---
# **K-Nearest Neighbours Algorithm**
---

# Importing the needed libraries

In [1]:
import pandas as pd
import math

# Function to calculate Euclidean distance between two points, which are represented as lists, rounded to three decimal-points

In [2]:
def euclidean_distance(point1, point2):
    distance = 0
    for i in range(len(point1)):
        distance += (float(point1[i]) - float(point2[i])) ** 2
    return round(math.sqrt(distance),3)

# KNN Function

In [3]:
def knn(train_points, test_point, k):
    table = [] # Output table of KNN
    for row in train_points:
        dist = euclidean_distance(row[:-1], test_point) # -1 specifies that we exclude the target column
        table.append((row[:-1], test_point, dist, row[-1]))
    # Append the train point, test point, distance and class of train point to each row of the table
    table.sort(key=lambda x: x[2])  # Sort the table in ascending order of distances

    class_count = {} # To count each class

    # Display the table
    print("=========================K-Nearest Points=========================")
    print("Point\t\tTest Point\t\tDistance\tClass")
    for i in range(k):
        print(f"{table[i][0]}\t{table[i][1]}\t{table[i][2]}\t\t{table[i][3]}")
        label = table[i][3]  # Last column is the target
        if label in class_count: # If class is already present, increment its count
            class_count[label] += 1
        else:
            class_count[label] = 1
    print("==================================================================")

    # Displaying the class count
    print("======================")
    for class_name, count in class_count.items():
        print(f"Class: {class_name} | Count: {count}")
    print("======================")

    # Most occuring class among the K nearest points, is the predicted target
    predicted_label = max(class_count, key=class_count.get)
    return predicted_label

# Reading the Dataset

In [4]:
df = pd.read_csv("https://raw.githubusercontent.com/harrishragavendar/Datasets/main/diabetes.csv")

# Selection of features

In [5]:
print("======Available features======")
for index, feature in enumerate(df.columns[:-1]):
    print(f"{index} -> {feature}")
print("==============================")
feature_indices = input("Enter selected features indices: ").split(',')

0 -> Pregnancies
1 -> Glucose
2 -> BloodPressure
3 -> SkinThickness
4 -> Insulin
5 -> BMI
6 -> DiabetesPedigreeFunction
7 -> Age
Enter selected features indices: 0,1,2


# Retrieving the column names from indices

In [6]:
selected_features = [df.columns[int(index)] for index in feature_indices]
print(f"Selected features are {selected_features}")

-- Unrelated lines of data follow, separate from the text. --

Fixpoint altb (b : bool) (n : nat) : seq bool :=
  if n is n'.+1 then b :: altb (~~ b) n' else [::].

Lemma size_altb b n : size (altb b n) = n.
Proof. by elim: n b => //= n IH b; rewrite IH. Qed.

Lemma alternating_form h : alternating h -> h = altb (head true h) (size h).
Proof.
case: h => // b h; elim: h b => // c h IH b /= /andP [Hbc Hh].
have Ec : c = ~~ b by move: Hbc; case: (b); case: (c).
by move: Hh; rewrite Ec => /IH {1}->.
Qed.

Lemma altb_double b n : altb b n.*2.+2 = b :: ~~ b :: altb b n.*2.
Proof. by rewrite /= negbK. Qed.

Lemma count_altb_double b n : count negb (altb b n.*2) = n.
Proof. by elim: n => // n IH; rewrite doubleS altb_double /= IH; case: (b). Qed.

(* [pow4 false k] is [(rho_1 sigma_1)^{2k}], [pow4 true k] is [(sigma_1 rho_1)^{2k}] *)
Definition pow4 (b : bool) (k : nat) : seq bool := flatten (nseq k (altb b 4)).

Lemma pow4S b k : pow4 b k.+1 = altb b 4 ++ pow4 b k. Proof. by []. Qed.

Lemma pow4_altb b k : pow4 b k = altb b (k.*2.*2).
Proof. by elim: k => // k IH; rewrite pow4S IH !doubleS /= !negbK. Qed.

Lemma alternating_altb b n : alternating (altb b n).
Proof.
elim: n b => [|[|n] IH] b //; have := IH (~~ b).
by rewrite /alternating /= => ->; case: b.
Qed.

Lemma alternating_pow4 b k : alternating (pow4 b k).
Proof. by rewrite pow4_altb; apply: alternating_altb. Qed.

Lemma in_X2_pow4 b k : in_X2 (pow4 b k).
Proof.
by rewrite /in_X2 /in_FVP2 /in_FVK2 /pi2 /nu2 pow4_altb count_altb_double size_altb !odd_double.
Qed.

End FVB2NormalForm.

Lemma X2_normal_form g : in_X2 g -> exists b k, breduce g = pow4 b k.
Proof.
case=> Hp Hn; have Eh := alternating_form (alternating_breduce g).
move: Hp Hn; rewrite /in_FVP2 /in_FVK2 -pi2_breduce -nu2_breduce /pi2 /nu2 Eh size_altb.
move: (head _ _) (size _) => b n Hp; have En := odd_double_half n; rewrite Hp add0n in En.
rewrite -{}En count_altb_double => Hn; have Ek := odd_double_half n./2.
rewrite Hn add0n in Ek.
by exists b, n./2./2; rewrite pow4_altb Ek.
Qed.

Local Open Scope ring_scope.

Lemma bpow_rho_sigma_pos (k : nat) : bpow rho_sigma (2 * k%:Z) = pow4 false k.
Proof.
have -> : 2 * k%:Z = (k.*2)%:Z by rewrite -addnn; lia.
by rewrite /bpow; elim: k => //= k ->.
Qed.

Lemma bpow_rho_sigma_neg (k : nat) : bpow rho_sigma (2 * Negz k) = pow4 true k.+1.
Proof.
have -> : 2 * Negz k = Negz (k.*2.+1) by rewrite !NegzE -addnn; lia.
by rewrite /bpow -[k.*2.+2]/(k.+1).*2; elim: k.+1 => //= j ->.
Qed.

Lemma bpow_rho_sigma_pow4 (n : int) :
  exists b k, bpow rho_sigma (2 * n) = pow4 b k /\ (k = 0%N -> n = 0).
Proof.
case: n => k; first by exists false, k; rewrite bpow_rho_sigma_pos; split => // ->.
by exists true, k.+1; rewrite bpow_rho_sigma_neg.
Qed.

Selected features are ['Pregnancies', 'Glucose', 'BloodPressure']


# Also, select the target column, for counting classes at the end
# This will not be used for training

In [7]:
selected_features.append(df.columns[-1])

# Extract the selected columns, with all rows from the dataframe and convert each row to a list of values, ultimately a list of points [ [ ],[ ],[ ],...]

In [8]:
train_points = df.loc[:, selected_features].values.tolist()

In [9]:
while(True):
    print("========MENU========")
    print("1 > Test new point")
    print("2 > Exit")
    print("====================")
    ch = int(input("Enter your choice: "))

    if(ch==1):
        # Get the test point as input
        test_point = []
        for feature in selected_features[:-1]:
            value = float(input(f"Enter value for {feature}: "))
            test_point.append(value)
        print(f"Test point: {test_point}")

        k = int(input("Enter the value of K: "))
        predicted_target = knn(train_points, test_point, k)
        print(f"\nPredicted Target: {predicted_target}")
    elif(ch==2):
        break
    else:
        print("Enter a valid choice.")

1 > Test new point
2 > Exit
Enter your choice: 1
Enter value for Pregnancies: 3
Enter value for Glucose: 124
Enter value for BloodPressure: 76
Test point: [3.0, 124.0, 76.0]
Enter the value of K: 5
Point		Test Point		Distance	Class
[2, 122, 76]	[3.0, 124.0, 76.0]	2.236		0
[5, 124, 74]	[3.0, 124.0, 76.0]	2.828		1
[3, 122, 78]	[3.0, 124.0, 76.0]	2.828		0
[1, 124, 74]	[3.0, 124.0, 76.0]	2.828		0
[5, 123, 74]	[3.0, 124.0, 76.0]	3.0		0
Class: 0 | Count: 4
Class: 1 | Count: 1

Predicted Target: 0
1 > Test new point
2 > Exit
Enter your choice: 2


---